▶ Assignment
Repeat the lines from the line with "S eta st i)" to the line with "apply: Rplus_le_compat_l; apply: Rmult_le_compat_l" in the listing below, keeping both end lines and adding nothing.

▶ Given records
=== Begin Enclosure ===
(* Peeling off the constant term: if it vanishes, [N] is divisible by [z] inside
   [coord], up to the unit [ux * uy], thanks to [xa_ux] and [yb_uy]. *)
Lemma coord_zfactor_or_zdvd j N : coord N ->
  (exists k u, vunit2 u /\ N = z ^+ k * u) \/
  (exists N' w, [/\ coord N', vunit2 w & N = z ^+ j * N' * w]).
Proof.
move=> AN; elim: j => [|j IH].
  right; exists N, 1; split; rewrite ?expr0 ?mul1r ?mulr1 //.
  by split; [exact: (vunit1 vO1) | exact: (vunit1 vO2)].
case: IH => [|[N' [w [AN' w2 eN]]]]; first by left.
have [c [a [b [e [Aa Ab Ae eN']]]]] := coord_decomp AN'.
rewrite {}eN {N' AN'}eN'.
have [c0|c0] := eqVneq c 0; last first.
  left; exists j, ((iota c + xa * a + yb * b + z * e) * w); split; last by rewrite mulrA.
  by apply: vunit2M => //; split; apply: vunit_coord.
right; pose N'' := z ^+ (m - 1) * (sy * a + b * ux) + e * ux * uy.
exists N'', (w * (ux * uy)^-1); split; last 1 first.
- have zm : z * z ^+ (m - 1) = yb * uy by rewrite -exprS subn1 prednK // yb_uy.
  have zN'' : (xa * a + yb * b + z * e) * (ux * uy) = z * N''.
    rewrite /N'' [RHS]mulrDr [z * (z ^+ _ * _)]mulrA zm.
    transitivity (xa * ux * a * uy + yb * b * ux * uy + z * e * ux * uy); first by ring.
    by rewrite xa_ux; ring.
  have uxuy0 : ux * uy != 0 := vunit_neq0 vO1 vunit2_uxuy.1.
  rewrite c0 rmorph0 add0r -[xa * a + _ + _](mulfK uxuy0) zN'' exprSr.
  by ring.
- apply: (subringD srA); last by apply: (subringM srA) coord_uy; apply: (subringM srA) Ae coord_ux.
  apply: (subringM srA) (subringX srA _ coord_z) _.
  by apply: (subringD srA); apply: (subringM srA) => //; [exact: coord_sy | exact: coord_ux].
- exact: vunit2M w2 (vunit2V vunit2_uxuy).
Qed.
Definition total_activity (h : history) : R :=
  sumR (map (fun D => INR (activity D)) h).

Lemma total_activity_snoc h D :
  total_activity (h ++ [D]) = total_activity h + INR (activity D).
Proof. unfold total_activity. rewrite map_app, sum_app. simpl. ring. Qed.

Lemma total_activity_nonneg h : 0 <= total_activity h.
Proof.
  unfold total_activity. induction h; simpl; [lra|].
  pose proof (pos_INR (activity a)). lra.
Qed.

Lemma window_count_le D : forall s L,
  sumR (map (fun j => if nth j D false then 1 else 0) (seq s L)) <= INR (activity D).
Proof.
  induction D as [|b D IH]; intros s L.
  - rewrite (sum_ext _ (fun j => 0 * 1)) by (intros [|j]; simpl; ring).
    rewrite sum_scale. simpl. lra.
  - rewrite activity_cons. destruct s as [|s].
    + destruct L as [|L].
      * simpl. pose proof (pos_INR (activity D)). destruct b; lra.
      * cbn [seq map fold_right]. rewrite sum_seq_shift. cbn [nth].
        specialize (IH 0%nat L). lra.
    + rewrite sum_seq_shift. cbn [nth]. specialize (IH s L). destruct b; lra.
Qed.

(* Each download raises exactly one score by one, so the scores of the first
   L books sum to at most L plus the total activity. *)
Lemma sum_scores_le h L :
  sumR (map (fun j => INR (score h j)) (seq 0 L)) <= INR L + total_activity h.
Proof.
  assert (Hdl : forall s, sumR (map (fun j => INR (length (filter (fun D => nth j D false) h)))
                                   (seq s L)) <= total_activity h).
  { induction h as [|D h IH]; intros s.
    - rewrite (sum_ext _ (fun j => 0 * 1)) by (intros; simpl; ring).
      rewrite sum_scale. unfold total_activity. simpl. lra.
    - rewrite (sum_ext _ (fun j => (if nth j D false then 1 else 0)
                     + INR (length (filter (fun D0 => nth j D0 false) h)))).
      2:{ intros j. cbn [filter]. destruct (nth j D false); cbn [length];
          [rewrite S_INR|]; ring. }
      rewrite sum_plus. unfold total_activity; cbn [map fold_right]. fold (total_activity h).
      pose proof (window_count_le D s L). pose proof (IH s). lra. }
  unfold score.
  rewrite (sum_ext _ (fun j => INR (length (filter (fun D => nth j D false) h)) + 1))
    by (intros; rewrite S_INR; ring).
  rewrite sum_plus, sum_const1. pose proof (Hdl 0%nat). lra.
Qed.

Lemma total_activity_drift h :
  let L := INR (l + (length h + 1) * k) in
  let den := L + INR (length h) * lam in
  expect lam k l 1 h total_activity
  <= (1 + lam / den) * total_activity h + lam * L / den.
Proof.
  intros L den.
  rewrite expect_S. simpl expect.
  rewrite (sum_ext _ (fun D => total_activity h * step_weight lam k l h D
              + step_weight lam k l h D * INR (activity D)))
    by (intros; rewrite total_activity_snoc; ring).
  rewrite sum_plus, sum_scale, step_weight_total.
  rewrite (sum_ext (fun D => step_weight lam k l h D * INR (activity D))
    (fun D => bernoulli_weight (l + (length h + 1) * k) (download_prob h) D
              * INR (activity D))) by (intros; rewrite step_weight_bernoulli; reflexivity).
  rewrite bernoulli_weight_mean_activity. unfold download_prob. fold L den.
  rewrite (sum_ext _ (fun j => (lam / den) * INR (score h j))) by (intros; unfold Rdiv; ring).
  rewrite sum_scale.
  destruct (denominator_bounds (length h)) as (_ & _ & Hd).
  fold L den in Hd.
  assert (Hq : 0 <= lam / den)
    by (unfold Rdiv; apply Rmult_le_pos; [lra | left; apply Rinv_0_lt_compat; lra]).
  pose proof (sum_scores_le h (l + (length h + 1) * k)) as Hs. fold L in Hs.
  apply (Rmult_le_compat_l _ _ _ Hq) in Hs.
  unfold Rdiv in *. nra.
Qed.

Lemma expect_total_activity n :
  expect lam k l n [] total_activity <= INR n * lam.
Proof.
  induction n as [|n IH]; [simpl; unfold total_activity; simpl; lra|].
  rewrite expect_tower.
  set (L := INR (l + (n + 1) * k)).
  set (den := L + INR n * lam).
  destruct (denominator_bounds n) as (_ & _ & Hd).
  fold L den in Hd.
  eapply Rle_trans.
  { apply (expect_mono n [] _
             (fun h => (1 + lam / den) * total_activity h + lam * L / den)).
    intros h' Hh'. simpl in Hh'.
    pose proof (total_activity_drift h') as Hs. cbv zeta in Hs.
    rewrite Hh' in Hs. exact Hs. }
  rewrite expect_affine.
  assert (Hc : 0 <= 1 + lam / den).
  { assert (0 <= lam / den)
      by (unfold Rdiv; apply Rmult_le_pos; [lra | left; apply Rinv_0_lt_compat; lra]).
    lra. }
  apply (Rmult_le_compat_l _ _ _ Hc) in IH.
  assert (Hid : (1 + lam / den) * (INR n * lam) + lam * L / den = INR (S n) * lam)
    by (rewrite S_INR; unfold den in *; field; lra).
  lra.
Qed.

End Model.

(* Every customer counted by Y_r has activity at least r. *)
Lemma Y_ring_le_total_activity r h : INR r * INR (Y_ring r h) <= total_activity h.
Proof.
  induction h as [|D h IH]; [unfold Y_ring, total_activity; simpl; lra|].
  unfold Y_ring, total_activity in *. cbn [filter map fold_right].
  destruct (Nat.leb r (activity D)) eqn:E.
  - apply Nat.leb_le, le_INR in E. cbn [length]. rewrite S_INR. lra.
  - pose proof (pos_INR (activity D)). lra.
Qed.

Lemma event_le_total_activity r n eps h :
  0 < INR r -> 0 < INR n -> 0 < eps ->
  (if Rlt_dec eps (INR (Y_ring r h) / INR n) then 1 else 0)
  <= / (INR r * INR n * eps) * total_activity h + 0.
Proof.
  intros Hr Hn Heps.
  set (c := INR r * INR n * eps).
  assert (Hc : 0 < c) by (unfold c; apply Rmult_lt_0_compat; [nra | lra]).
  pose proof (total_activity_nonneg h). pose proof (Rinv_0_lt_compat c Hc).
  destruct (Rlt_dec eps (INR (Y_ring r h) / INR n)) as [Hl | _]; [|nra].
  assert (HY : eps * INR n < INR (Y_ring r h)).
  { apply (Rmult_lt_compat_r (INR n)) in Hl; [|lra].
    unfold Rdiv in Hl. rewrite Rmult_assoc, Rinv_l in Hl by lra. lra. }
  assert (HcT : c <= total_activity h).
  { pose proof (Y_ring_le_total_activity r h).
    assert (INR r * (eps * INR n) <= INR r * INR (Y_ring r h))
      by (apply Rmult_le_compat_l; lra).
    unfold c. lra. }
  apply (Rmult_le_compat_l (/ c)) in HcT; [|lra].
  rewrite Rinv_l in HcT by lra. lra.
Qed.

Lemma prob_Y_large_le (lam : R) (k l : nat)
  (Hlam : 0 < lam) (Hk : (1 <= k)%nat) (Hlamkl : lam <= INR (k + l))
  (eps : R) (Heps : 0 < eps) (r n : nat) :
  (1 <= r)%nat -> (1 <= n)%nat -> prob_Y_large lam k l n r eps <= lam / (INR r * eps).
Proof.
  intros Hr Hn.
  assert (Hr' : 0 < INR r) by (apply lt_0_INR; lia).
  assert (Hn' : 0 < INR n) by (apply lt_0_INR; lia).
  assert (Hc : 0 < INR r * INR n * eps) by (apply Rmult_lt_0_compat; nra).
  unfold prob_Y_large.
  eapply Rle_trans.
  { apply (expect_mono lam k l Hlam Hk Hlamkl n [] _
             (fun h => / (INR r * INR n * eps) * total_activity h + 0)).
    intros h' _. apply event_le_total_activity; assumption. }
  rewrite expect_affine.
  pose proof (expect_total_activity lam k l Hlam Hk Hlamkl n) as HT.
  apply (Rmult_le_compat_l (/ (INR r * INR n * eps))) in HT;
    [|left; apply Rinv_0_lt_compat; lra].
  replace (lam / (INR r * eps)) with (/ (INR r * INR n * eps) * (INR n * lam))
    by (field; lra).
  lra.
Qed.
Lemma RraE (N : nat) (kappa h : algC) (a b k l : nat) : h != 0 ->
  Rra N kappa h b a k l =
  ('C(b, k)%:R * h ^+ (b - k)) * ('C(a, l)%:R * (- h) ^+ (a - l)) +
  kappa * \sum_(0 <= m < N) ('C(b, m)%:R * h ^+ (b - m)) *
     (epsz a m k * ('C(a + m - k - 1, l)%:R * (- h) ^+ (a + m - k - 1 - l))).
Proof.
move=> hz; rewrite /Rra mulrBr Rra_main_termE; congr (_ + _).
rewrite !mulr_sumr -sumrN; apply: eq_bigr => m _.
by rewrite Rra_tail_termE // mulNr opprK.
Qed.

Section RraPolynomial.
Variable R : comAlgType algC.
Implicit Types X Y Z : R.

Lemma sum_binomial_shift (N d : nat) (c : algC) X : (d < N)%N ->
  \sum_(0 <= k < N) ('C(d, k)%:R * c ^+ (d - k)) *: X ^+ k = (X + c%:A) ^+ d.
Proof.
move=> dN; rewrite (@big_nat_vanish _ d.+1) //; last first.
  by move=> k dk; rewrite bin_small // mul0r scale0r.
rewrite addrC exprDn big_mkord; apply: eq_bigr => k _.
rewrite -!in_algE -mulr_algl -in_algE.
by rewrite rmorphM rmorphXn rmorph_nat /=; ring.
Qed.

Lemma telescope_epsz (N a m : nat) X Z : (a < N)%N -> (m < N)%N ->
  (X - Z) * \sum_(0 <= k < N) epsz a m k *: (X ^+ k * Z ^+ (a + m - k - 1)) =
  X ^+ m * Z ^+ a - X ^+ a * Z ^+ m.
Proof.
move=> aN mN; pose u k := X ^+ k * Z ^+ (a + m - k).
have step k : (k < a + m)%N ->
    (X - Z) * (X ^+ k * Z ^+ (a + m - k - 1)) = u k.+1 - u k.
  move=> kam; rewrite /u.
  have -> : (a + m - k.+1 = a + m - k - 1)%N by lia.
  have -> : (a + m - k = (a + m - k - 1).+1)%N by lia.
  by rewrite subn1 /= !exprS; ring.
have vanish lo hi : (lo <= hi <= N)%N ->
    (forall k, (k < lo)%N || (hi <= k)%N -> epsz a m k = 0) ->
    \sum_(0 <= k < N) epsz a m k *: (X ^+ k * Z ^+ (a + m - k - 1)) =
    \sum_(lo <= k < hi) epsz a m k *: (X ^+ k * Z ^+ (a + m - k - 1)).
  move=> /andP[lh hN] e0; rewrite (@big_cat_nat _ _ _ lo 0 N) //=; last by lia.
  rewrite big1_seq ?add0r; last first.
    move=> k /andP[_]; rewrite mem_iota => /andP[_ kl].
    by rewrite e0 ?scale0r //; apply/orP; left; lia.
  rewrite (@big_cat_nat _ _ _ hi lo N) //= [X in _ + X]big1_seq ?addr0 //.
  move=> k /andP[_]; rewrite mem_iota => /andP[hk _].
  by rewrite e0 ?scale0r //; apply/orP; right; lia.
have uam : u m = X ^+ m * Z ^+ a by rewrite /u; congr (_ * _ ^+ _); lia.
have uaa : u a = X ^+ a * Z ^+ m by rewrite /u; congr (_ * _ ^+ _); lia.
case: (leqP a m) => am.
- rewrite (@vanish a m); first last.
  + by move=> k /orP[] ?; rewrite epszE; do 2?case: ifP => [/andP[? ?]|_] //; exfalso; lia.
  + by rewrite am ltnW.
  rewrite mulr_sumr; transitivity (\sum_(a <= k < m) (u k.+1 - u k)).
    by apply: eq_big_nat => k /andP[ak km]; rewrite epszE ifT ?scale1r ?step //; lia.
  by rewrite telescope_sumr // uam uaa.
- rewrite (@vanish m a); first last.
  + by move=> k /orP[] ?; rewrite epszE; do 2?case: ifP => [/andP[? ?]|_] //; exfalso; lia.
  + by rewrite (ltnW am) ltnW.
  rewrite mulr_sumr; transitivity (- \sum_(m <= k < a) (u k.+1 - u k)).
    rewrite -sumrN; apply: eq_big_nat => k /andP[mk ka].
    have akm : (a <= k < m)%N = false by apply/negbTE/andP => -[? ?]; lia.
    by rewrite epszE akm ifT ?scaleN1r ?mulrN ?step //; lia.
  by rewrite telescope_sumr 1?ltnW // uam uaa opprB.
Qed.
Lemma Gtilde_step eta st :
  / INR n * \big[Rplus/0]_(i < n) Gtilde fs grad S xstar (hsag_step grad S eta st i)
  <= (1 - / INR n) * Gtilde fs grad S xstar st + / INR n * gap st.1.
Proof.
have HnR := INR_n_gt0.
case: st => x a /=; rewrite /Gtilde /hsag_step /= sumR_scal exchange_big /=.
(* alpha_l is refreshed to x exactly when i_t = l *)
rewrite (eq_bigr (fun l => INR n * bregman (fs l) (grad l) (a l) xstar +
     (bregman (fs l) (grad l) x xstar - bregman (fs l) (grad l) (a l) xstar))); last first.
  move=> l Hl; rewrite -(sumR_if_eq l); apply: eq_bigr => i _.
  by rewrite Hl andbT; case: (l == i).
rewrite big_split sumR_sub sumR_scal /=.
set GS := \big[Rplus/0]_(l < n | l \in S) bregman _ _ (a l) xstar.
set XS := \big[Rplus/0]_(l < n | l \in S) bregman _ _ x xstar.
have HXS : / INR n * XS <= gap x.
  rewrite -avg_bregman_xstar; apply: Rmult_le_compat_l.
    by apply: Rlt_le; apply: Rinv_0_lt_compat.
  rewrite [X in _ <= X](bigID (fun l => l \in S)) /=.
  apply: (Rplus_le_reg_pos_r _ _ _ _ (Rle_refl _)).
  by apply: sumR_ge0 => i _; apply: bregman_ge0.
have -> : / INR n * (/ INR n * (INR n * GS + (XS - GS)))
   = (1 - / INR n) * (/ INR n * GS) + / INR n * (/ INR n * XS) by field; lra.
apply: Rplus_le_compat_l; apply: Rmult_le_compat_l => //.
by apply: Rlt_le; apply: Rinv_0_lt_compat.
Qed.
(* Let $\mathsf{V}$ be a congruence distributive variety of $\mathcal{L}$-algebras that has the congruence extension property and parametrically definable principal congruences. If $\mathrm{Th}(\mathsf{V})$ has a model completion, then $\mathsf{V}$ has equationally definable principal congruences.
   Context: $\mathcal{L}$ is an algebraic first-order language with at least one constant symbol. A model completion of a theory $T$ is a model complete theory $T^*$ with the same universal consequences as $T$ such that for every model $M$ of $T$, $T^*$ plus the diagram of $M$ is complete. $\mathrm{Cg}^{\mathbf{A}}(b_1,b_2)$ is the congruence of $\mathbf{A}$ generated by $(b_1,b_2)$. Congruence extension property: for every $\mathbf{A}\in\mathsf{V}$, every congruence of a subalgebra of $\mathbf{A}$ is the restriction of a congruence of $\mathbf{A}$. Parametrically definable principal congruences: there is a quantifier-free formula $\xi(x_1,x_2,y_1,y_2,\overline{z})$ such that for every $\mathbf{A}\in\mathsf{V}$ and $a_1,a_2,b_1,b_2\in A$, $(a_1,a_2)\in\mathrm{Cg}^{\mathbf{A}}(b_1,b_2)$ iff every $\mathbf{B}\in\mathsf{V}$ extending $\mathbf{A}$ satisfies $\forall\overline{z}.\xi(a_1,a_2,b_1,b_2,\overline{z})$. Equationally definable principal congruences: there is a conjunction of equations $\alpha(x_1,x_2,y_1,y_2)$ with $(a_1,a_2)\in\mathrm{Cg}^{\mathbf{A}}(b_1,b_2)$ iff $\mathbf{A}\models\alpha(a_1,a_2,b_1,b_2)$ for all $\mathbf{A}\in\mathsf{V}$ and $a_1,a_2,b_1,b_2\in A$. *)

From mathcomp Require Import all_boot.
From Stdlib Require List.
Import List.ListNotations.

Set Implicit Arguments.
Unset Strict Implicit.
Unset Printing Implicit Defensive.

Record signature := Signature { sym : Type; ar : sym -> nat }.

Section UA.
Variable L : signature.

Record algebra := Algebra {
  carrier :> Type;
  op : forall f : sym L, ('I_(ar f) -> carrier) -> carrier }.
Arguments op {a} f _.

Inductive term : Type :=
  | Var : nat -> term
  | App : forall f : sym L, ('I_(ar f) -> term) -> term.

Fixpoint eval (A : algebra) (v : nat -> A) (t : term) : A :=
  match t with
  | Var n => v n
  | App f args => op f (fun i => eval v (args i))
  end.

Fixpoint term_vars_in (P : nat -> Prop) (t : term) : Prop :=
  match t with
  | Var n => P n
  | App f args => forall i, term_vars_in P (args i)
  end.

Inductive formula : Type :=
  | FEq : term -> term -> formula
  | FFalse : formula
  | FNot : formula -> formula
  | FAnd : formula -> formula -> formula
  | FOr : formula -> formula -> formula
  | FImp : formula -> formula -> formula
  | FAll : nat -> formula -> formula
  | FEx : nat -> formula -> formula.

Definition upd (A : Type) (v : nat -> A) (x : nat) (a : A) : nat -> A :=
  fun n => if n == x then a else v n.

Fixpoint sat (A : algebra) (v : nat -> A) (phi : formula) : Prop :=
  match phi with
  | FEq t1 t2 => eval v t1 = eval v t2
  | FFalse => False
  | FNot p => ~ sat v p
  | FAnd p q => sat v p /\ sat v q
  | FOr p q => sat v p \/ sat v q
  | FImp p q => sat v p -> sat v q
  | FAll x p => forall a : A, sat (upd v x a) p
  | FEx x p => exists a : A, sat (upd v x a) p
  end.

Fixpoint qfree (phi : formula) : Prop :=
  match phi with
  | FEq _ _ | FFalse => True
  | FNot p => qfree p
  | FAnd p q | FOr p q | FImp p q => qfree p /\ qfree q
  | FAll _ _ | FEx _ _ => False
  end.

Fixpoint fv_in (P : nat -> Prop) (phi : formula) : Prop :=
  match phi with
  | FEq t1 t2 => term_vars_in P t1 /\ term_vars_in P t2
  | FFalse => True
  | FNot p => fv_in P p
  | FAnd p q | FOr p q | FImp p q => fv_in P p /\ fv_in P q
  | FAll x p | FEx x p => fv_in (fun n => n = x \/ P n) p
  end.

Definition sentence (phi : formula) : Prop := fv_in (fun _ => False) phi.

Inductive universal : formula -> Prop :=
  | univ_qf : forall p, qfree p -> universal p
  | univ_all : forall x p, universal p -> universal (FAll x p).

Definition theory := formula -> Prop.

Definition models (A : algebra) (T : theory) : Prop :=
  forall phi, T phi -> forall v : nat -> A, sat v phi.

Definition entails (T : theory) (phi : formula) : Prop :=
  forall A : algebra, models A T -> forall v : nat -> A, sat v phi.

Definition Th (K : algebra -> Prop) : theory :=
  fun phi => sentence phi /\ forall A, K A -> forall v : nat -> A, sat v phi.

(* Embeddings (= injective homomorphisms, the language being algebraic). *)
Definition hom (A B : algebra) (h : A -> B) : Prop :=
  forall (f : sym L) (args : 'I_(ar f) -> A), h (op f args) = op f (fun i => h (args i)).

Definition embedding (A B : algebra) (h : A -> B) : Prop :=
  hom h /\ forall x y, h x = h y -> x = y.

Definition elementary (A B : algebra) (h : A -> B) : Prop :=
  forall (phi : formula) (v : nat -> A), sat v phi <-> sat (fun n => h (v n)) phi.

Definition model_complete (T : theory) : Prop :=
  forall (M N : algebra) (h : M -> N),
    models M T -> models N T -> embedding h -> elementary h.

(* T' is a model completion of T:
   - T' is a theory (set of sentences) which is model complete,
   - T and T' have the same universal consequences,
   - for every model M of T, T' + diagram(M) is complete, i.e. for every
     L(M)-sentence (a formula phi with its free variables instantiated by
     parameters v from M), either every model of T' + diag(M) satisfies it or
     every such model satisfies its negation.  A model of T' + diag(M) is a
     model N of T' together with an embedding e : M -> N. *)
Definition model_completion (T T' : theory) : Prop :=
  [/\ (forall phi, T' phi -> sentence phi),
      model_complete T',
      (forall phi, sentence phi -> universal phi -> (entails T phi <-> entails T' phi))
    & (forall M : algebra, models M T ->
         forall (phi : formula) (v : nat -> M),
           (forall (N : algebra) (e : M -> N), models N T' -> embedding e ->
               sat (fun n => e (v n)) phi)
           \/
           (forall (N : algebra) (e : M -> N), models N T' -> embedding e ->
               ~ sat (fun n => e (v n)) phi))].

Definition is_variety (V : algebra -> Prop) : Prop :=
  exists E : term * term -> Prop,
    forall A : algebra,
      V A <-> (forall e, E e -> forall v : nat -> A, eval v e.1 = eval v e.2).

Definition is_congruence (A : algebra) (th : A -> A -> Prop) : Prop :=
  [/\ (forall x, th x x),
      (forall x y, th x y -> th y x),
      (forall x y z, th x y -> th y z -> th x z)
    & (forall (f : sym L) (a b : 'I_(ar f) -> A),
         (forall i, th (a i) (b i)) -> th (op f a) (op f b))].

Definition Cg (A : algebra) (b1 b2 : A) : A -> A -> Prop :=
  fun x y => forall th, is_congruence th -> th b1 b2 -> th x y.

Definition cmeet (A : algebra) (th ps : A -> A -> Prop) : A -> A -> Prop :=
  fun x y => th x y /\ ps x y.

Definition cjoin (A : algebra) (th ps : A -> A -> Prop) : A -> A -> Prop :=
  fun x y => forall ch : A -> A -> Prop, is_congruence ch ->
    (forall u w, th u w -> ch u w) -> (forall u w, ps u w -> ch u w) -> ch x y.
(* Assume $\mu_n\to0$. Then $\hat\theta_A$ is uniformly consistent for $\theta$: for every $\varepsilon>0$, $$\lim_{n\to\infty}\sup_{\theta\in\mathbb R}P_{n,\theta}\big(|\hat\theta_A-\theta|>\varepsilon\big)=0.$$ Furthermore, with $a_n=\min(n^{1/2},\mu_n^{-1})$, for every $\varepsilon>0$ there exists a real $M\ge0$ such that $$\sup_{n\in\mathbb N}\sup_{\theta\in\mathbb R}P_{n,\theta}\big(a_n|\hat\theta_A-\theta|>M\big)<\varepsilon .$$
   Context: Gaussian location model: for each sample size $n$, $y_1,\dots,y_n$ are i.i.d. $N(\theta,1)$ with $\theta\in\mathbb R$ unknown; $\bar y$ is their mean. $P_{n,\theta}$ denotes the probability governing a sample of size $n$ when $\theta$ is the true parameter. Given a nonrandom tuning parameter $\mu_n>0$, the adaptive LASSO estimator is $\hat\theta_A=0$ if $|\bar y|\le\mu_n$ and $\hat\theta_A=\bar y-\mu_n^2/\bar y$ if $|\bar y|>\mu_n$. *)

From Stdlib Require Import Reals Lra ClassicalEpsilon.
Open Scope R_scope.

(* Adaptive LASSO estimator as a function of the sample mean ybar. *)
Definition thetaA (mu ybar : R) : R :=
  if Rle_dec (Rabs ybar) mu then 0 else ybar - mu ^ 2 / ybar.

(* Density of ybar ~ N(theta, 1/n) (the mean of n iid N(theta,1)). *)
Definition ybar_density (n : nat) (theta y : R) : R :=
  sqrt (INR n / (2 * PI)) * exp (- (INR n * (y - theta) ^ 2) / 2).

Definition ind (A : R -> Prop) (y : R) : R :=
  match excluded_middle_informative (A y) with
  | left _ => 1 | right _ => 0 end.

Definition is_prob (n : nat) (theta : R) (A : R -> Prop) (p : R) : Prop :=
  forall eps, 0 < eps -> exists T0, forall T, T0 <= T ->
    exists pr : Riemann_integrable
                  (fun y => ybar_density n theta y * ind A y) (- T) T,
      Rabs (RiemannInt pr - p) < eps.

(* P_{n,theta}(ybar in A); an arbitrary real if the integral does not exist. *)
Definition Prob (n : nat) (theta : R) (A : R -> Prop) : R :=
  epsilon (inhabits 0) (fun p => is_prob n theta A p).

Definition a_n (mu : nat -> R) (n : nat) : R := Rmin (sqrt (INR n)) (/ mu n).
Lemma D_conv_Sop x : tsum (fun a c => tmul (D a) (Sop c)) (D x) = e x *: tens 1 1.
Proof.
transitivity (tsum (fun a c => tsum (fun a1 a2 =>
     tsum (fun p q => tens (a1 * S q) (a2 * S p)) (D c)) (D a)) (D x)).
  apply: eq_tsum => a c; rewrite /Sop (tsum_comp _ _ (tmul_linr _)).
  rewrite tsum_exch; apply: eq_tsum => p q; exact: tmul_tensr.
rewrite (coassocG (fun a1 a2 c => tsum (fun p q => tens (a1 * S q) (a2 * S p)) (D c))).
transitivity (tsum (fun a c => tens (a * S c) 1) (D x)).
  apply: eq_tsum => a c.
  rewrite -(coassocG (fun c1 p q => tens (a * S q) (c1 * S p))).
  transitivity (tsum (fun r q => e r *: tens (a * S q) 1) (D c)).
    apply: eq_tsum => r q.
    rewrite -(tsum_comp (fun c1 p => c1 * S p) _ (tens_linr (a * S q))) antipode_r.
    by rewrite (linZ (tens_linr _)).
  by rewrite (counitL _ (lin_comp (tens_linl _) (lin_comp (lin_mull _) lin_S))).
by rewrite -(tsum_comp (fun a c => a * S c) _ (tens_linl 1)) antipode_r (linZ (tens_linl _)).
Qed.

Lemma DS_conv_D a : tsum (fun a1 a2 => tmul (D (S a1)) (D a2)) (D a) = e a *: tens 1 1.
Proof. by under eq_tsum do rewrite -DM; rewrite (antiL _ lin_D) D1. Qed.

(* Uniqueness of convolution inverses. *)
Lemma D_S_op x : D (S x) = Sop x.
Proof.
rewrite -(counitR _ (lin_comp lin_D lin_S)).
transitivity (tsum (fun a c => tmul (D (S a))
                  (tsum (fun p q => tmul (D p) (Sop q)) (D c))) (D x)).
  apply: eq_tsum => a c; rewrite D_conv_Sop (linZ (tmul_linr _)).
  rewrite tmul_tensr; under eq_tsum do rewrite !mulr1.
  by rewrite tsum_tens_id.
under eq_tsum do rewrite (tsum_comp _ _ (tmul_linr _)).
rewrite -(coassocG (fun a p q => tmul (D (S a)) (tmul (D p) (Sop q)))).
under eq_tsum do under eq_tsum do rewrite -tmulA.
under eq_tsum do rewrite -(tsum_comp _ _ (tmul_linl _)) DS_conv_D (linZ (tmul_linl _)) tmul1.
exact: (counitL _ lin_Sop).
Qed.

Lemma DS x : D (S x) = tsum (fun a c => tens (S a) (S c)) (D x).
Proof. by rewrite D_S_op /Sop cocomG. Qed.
=== End Enclosure ===
▶ Your response
  / INR n * \big[Rplus/0]_(i < n) Gtilde fs grad S xstar (hsag_step grad S eta st i)
  <= (1 - / INR n) * Gtilde fs grad S xstar st + / INR n * gap st.1.
Proof.
have HnR := INR_n_gt0.
case: st => x a /=; rewrite /Gtilde /hsag_step /= sumR_scal exchange_big /=.
(* alpha_l is refreshed to x exactly when i_t = l *)
rewrite (eq_bigr (fun l => INR n * bregman (fs l) (grad l) (a l) xstar +
     (bregman (fs l) (grad l) x xstar - bregman (fs l) (grad l) (a l) xstar))); last first.
  move=> l Hl; rewrite -(sumR_if_eq l); apply: eq_bigr => i _.
  by rewrite Hl andbT; case: (l == i).
rewrite big_split sumR_sub sumR_scal /=.
set GS := \big[Rplus/0]_(l < n | l \in S) bregman _ _ (a l) xstar.
set XS := \big[Rplus/0]_(l < n | l \in S) bregman _ _ x xstar.
have HXS : / INR n * XS <= gap x.
  rewrite -avg_bregman_xstar; apply: Rmult_le_compat_l.
    by apply: Rlt_le; apply: Rinv_0_lt_compat.
  rewrite [X in _ <= X](bigID (fun l => l \in S)) /=.
  apply: (Rplus_le_reg_pos_r _ _ _ _ (Rle_refl _)).
  by apply: sumR_ge0 => i _; apply: bregman_ge0.
have -> : / INR n * (/ INR n * (INR n * GS + (XS - GS)))
   = (1 - / INR n) * (/ INR n * GS) + / INR n * (/ INR n * XS) by field; lra.
apply: Rplus_le_compat_l; apply: Rmult_le_compat_l => //.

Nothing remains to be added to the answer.